There's clearly some. But it's held that way for a reason which it has to do nothing with the physical aspect with who owns it. and whatever they think about that. So again the perfectly rational party you know what they would do but there's no seller I ever met that was perfectly rational.
Fair enough. Thanks a lot.
Thanks.
Our next question comes from Nicholas Pope with Seaport Research. Please go ahead.
Good morning guys.
Good morning.
Kind of following on the M&A question. I was kind of curious you did have an acquisition during the quarter. What was the $7.5 million acquisition listed on the cash flow?
It was a small land acquisition. We're going to drill some wells -- some wells are going to be drilled there. We know the wells are going to be drilled and it was a price that made sense for us to buy the acreage and I think the wells are being drilled.
Got you. And is that in Karnes County or is it Giddings related?
No, it's Karnes related acquisition.
Got it. I appreciate that. The comment on the repurchase of the Class B shares from EnerVest. I kind of wanted to clarify there from the prepared remarks. The comment I think was -- Chris made it was that the share repurchase from EnerVest were not part of the repurchase agreement. Is there any limit on that, or is it just as that comes available you guys have flexibility to make purchases…
Because we're dealing with an insider, which is one of our directors, who was the head of -- or the nominal name party in EnerVest. The Board excluding that person approves each acquisition separately, because it's an insider trade essentially. And so that's really -- there's no real limit to that. Understand that they're not exactly shares. It has two parts. One is the partnership interest, which is what you care about, which is an interest in the whole business. And the second is a voting right, which is the share, but it has no economics with it. So when you buy it, you're buying a partner -- a piece of the company directly and that's extinguished when we buy it. So the -- if we buy 1% of the B shares that 1% ownership is spread over all the owners directly. So it's a little different than buying the stock exactly. But the reason why it doesn't count is because the Board hasn't approved any B shares, because they're done when it shows up and to ensure that the -- it's an arm's length discussion with EnerVest.
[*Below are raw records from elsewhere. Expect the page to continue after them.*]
(* Let $n$ be an even integer, $Q=P^{\alpha_2}$, $w^{ss}_{\min}\in W^Q$ the element corresponding to $(\frac n2,n)$, $\xi\in X(w^{ss}_{\min})^{ss}_T(\mathcal{L}(\frac n2\omega_2))$, and $\varphi:(G_{2,n})^{ss}_T(\mathcal{L}(\frac n2\omega_2))\to T\backslash\backslash(G_{2,n})^{ss}_T(\mathcal{L}(\frac n2\omega_2))$ the GIT quotient map. If $u,v\in W^{P^{\alpha_{n/2}}}$ satisfy $\varphi(u\xi)=\varphi(v\xi)$, then $v=u$ or $v=uw_0^{S\setminus\{\alpha_{n/2}\}}$.
   Context: $G=SL(n,\mathbb{C})$, $T$ the diagonal torus, $B$ the upper triangular Borel subgroup, $W=S_n$ acting on $G/Q$ via permutation-matrix representatives (so $\varphi(u\xi)$ is independent of the representative). $G_{2,n}=G/Q$ the Grassmannian of 2-planes in $\mathbb{C}^n$, $X(u)=\overline{BuQ}/Q$ for $u\in W^Q\cong I(2,n)$. $\mathcal{L}(m\omega_2)=\mathcal{O}(m)$ for the Plücker embedding with natural $T$-linearization; $ss$ denotes $T$-semistable points; the quotient is $\mathrm{Proj}\bigoplus_dH^0(G_{2,n},\mathcal{L}(\frac n2\omega_2)^{\otimes d})^T$. $W^{P^{\alpha_{n/2}}}=\{v\in S_n:v(1)<\cdots<v(\frac n2),\ v(\frac n2+1)<\cdots<v(n)\}$, with longest element $w_0^{S\setminus\{\alpha_{n/2}\}}$: $i\mapsto\frac n2+i$, $\frac n2+i\mapsto i$. *)

From HB Require Import structures.
From mathcomp Require Import all_boot all_order all_algebra all_fingroup.
From mathcomp Require Import Rstruct complex.
Set Implicit Arguments.
Unset Strict Implicit.
Unset Printing Implicit Defensive.
Import Order.TTheory GRing.Theory Num.Theory.
Local Open Scope ring_scope.

Notation CC := (complex Rdefinitions.R).

(* Points of the Grassmannian G_{2,n}: a 2-plane V in C^n is represented by a
   2 x n matrix A of rank 2 whose rows span V (vectors of C^n are written as
   row vectors).  All predicates below are invariant under the left action
   of GL_2 on A, i.e. depend only on the plane.                             *)
Definition gr_point (n : nat) (A : 'M[CC]_(2, n)) : Prop := \rank A = 2%N.

(* Action of g in GL_n on the plane spanned by the rows of A: g.V = {g v}. *)
Definition gact (n : nat) (g : 'M[CC]_n) (A : 'M[CC]_(2, n)) : 'M[CC]_(2, n) :=
  A *m g^T.

(* Action of a Weyl group element w in S_n, via the permutation matrix
   e_i |-> e_{w i}.  (perm_mx w)^T is that matrix, so w.A = A *m perm_mx w;
   equivalently the (k, w i) entry of w.A is the (k, i) entry of A. *)
Definition wact (n : nat) (w : 'S_n) (A : 'M[CC]_(2, n)) : 'M[CC]_(2, n) :=
  gact (perm_mx w)^T A.

(* Plücker coordinates p_{ij} = e_i^* /\ e_j^* (a1 /\ a2) of the plane
   spanned by the rows a1, a2 of A (all ordered pairs (i,j); p_ii = 0 and
   p_ji = - p_ij, so polynomials in these are exactly polynomials in the
   standard Plücker coordinates). *)
Definition plucker (n : nat) (A : 'M[CC]_(2, n)) (i j : 'I_n) : CC :=
  A 0 i * A 1 j - A 0 j * A 1 i.

Definition ppoly (n : nat) := seq (CC * {ffun 'I_n * 'I_n -> nat}).

Definition ppoly_eval (n : nat) (f : ppoly n) (p : 'I_n -> 'I_n -> CC) : CC :=
  \sum_(m <- f) m.1 * \prod_(ij : 'I_n * 'I_n) p ij.1 ij.2 ^+ m.2 ij.

Definition homog (n : nat) (k : nat) (f : ppoly n) : Prop :=
  forall m, m \in f -> (\sum_(ij : 'I_n * 'I_n) m.2 ij)%N = k.

(* Value of f on the (affine cone point over the) plane A. *)
Definition pval (n : nat) (f : ppoly n) (A : 'M[CC]_(2, n)) : CC :=
  ppoly_eval f (plucker A).

(* The maximal torus T of SL(n,C): diagonal matrices with determinant 1. *)
Definition torus_elt (n : nat) (t : 'I_n -> CC) : Prop := \prod_i t i = 1.
Definition tact (n : nat) (t : 'I_n -> CC) (A : 'M[CC]_(2, n)) : 'M[CC]_(2, n) :=
  gact (diag_mx (\row_i t i)) A.

(* The Borel subgroup B of SL(n,C): upper triangular, determinant 1. *)
Definition borel_elt (n : nat) (b : 'M[CC]_n) : Prop :=
  (forall i j : 'I_n, (j < i)%N -> b i j = 0) /\ \det b = 1.

(* A subvariety Y of G_{2,n} is a predicate on representing matrices.
   A T-invariant section of L(k omega_2) = O(k) on Y: a homogeneous form of
   degree k in the Plücker coordinates (= section of O(k) on the cone over
   Y) whose value on the cone over Y is invariant under T (with the natural
   linearization). *)
Definition Tinv_section (n : nat) (Y : 'M[CC]_(2, n) -> Prop) (k : nat)
    (f : ppoly n) : Prop :=
  homog k f /\
  forall t A, torus_elt t -> gr_point A -> Y A -> pval f (tact t A) = pval f A.

Definition whole_grass (n : nat) (A : 'M[CC]_(2, n)) : Prop := True.

(* Y^{ss}_T(L(k omega_2)): points of Y at which some T-invariant section of
   L(k omega_2)^{d} on Y, d > 0, does not vanish. *)
Definition semistable (n : nat) (Y : 'M[CC]_(2, n) -> Prop) (k : nat)
    (A : 'M[CC]_(2, n)) : Prop :=
  gr_point A /\ Y A /\
  exists d f, (0 < d)%N /\ Tinv_section Y (d * k) f /\ pval f A != 0.

(* The GIT quotient map phi : (G_{2,n})^ss_T(L(k omega_2)) -> Proj R,
   R = \bigoplus_d H^0(G_{2,n}, L(k omega_2)^d)^T, sends x to the homogeneous
   prime of R consisting of the invariants vanishing at x.  Hence
   phi x = phi y  iff  every homogeneous T-invariant section vanishes at x
   exactly when it vanishes at y. *)
Definition same_quotient_image (n : nat) (k : nat) (A A' : 'M[CC]_(2, n)) : Prop :=
  forall d f, Tinv_section (@whole_grass n) (d * k) f ->
    (pval f A = 0 <-> pval f A' = 0).

(* X(u) = Zariski closure of B.uQ in G_{2,n}
   (subset of P(wedge^2 C^n) via Plücker), i.e. the common zero locus in
   G_{2,n} of all homogeneous forms vanishing on the orbit B.(uQ).  Here the
   T-fixed point uQ, u in W^Q <-> (a,b) in I(2,n), is span(e_a, e_b), given by
   the matrix pt A0. *)
Definition schubert (n : nat) (A0 : 'M[CC]_(2, n)) (A : 'M[CC]_(2, n)) : Prop :=
  gr_point A /\
  forall k (f : ppoly n), homog k f ->
    (forall b, borel_elt b -> pval f (gact b A0) = 0) -> pval f A = 0.

(* The T-fixed point e_a /\ e_b (0-indexed a, b). *)
Definition fixed_pt (n a b : nat) : 'M[CC]_(2, n) :=
  \matrix_(r < 2, j < n) (if r == 0 then (j == a :> nat)%:R else (j == b :> nat)%:R).

(* w^{ss}_min in W^Q corresponds to (n/2, n) (1-indexed), i.e. the point
   span(e_{n/2}, e_n); 0-indexed: (n/2 - 1, n - 1). *)
Definition X_wssmin (n : nat) : 'M[CC]_(2, n) -> Prop :=
  schubert (fixed_pt n (n./2).-1 n.-1).

(* W^{P^{alpha_{n/2}}}: permutations increasing on {1..n/2} and on
   {n/2+1..n} (0-indexed: on [0, n/2) and on [n/2, n)). *)
Definition in_WP_half (n : nat) (u : 'S_n) : Prop :=
  forall i j : 'I_n, (i < j)%N ->
    ((j < n./2)%N || (n./2 <= i)%N) -> (u i < u j)%N.

(* v = u * w_0^{S \ alpha_{n/2}} as permutations (v x = u (w_0 x)), where
   w_0^{S\alpha_{n/2}} : i |-> n/2 + i, n/2 + i |-> i. *)
Definition is_times_w0half (n : nat) (u v : 'S_n) : Prop :=
  forall x y : 'I_n, (y : nat) = (x + n./2)%N -> v x = u y /\ v y = u x.

(* By the Hilbert-Mumford criterion, semistability of xi in X(w^ss_min) forces
   p_ij(xi) <> 0 whenever i <= n/2 < j, while p_ij(xi) = 0 for i, j > n/2 on
   this Schubert variety.  Let sigma = v^-1 u.  If sigma sent an element of each
   half of {1..n} into the upper half, a T-invariant monomial in which every
   index occurs exactly once would vanish at v.xi but not at u.xi.  So sigma
   preserves or exchanges the two halves, and as u and v increase on each half,
   v = u or v = u w_0^{S \ alpha_(n/2)}. *)

From Pilot Require Import Defs.
From mathcomp Require Import all_boot all_order all_algebra all_fingroup.
From mathcomp Require Import Rstruct complex.
From mathcomp Require Import ring zify.
Set Implicit Arguments.
Unset Strict Implicit.
Unset Printing Implicit Defensive.
Import Order.TTheory GRing.Theory Num.Theory.
Local Open Scope ring_scope.

Section Plucker.
Variable n : nat.
Implicit Types (A : 'M[CC]_(2, n)) (i j a b c : 'I_n).

Lemma plucker_antisym A i j : plucker A j i = - plucker A i j.
Proof. by rewrite /plucker; ring. Qed.

Lemma plucker_tact (t : 'I_n -> CC) A i j :
  plucker (tact t A) i j = t i * t j * plucker A i j.
Proof. by rewrite /plucker /tact /Defs.gact tr_diag_mx mul_mx_diag !mxE; ring. Qed.

Lemma wactE (w : 'S_n) A k i : wact w A k i = A k ((w^-1)%g i).
Proof.
rewrite /wact /Defs.gact trmxK /perm_mx mxE (bigD1 ((w^-1)%g i)) //= big1.
  by rewrite !mxE permKV eqxx mulr1 addr0.
by move=> j /negPf ji; rewrite !mxE -(inj_eq (@perm_inj _ w^-1)) permK ji mulr0.
Qed.

Lemma plucker_wact (w : 'S_n) A i j :
  plucker (wact w A) i j = plucker A ((w^-1)%g i) ((w^-1)%g j).
Proof. by rewrite /plucker !wactE. Qed.

Lemma plucker_exchange A a b c (k : 'I_2) :
  plucker A a b * A k c = plucker A c b * A k a + plucker A a c * A k b.
Proof.
case: k => -[|[|//]] lt_k2; rewrite /plucker.
- by rewrite (_ : Ordinal lt_k2 = 0); [ring | apply: val_inj].
- by rewrite (_ : Ordinal lt_k2 = 1); [ring | apply: val_inj].
Qed.

Lemma plucker_eq0_of_exchange A a b c k :
  A k c != 0 -> plucker A a c = 0 -> plucker A b c = 0 -> plucker A a b = 0.
Proof.
move=> Akc_neq0 pac pbc; have := plucker_exchange A a b c k.
rewrite (plucker_antisym A b c) pac pbc oppr0 !mul0r addr0 => /eqP.
by rewrite mulf_eq0 (negPf Akc_neq0) orbF => /eqP.
Qed.

End Plucker.

Definition pmonomial n (I : finType) (S : {set I}) (g : I -> 'I_n * 'I_n) : ppoly n :=
  [:: (1, [ffun ij => #|[pred x | (x \in S) && (g x == ij)]|])].

Section Monomial.
Variables (n : nat) (I : finType) (S : {set I}) (g : I -> 'I_n * 'I_n).

Lemma pval_pmonomial A :
  Defs.pval (pmonomial S g) A = \prod_(x in S) plucker A (g x).1 (g x).2.
Proof.
rewrite /Defs.pval /ppoly_eval big_seq1 mul1r (partition_big g xpredT) //=.
apply: eq_bigr => ij _; rewrite ffunE -prodr_const.
by apply: eq_bigr => x /andP[_ /eqP ->].
Qed.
Got it. That makes sense. On the operations side, there was another comment in the release that your activity was skewed to Karnes during 4Q versus Giddings. What was that split? Like what was brought online in the quarter? Because I was a little off of in my production model in there.
It was mostly Karnes activity that we brought online.
But we're only running one completion crew this quarter-to-quarter variation doesn't have any intrinsic meaning.
Yes. And the timing of when these things get turned in line can skew things…
Skew things and you try to make more of it than is warranted.
Got it. That's all I needed. I appreciate the time guys.
Thank you.
This concludes our question-and-answer session as well as our call for today. Thank you for attending today's presentation. You may now disconnect.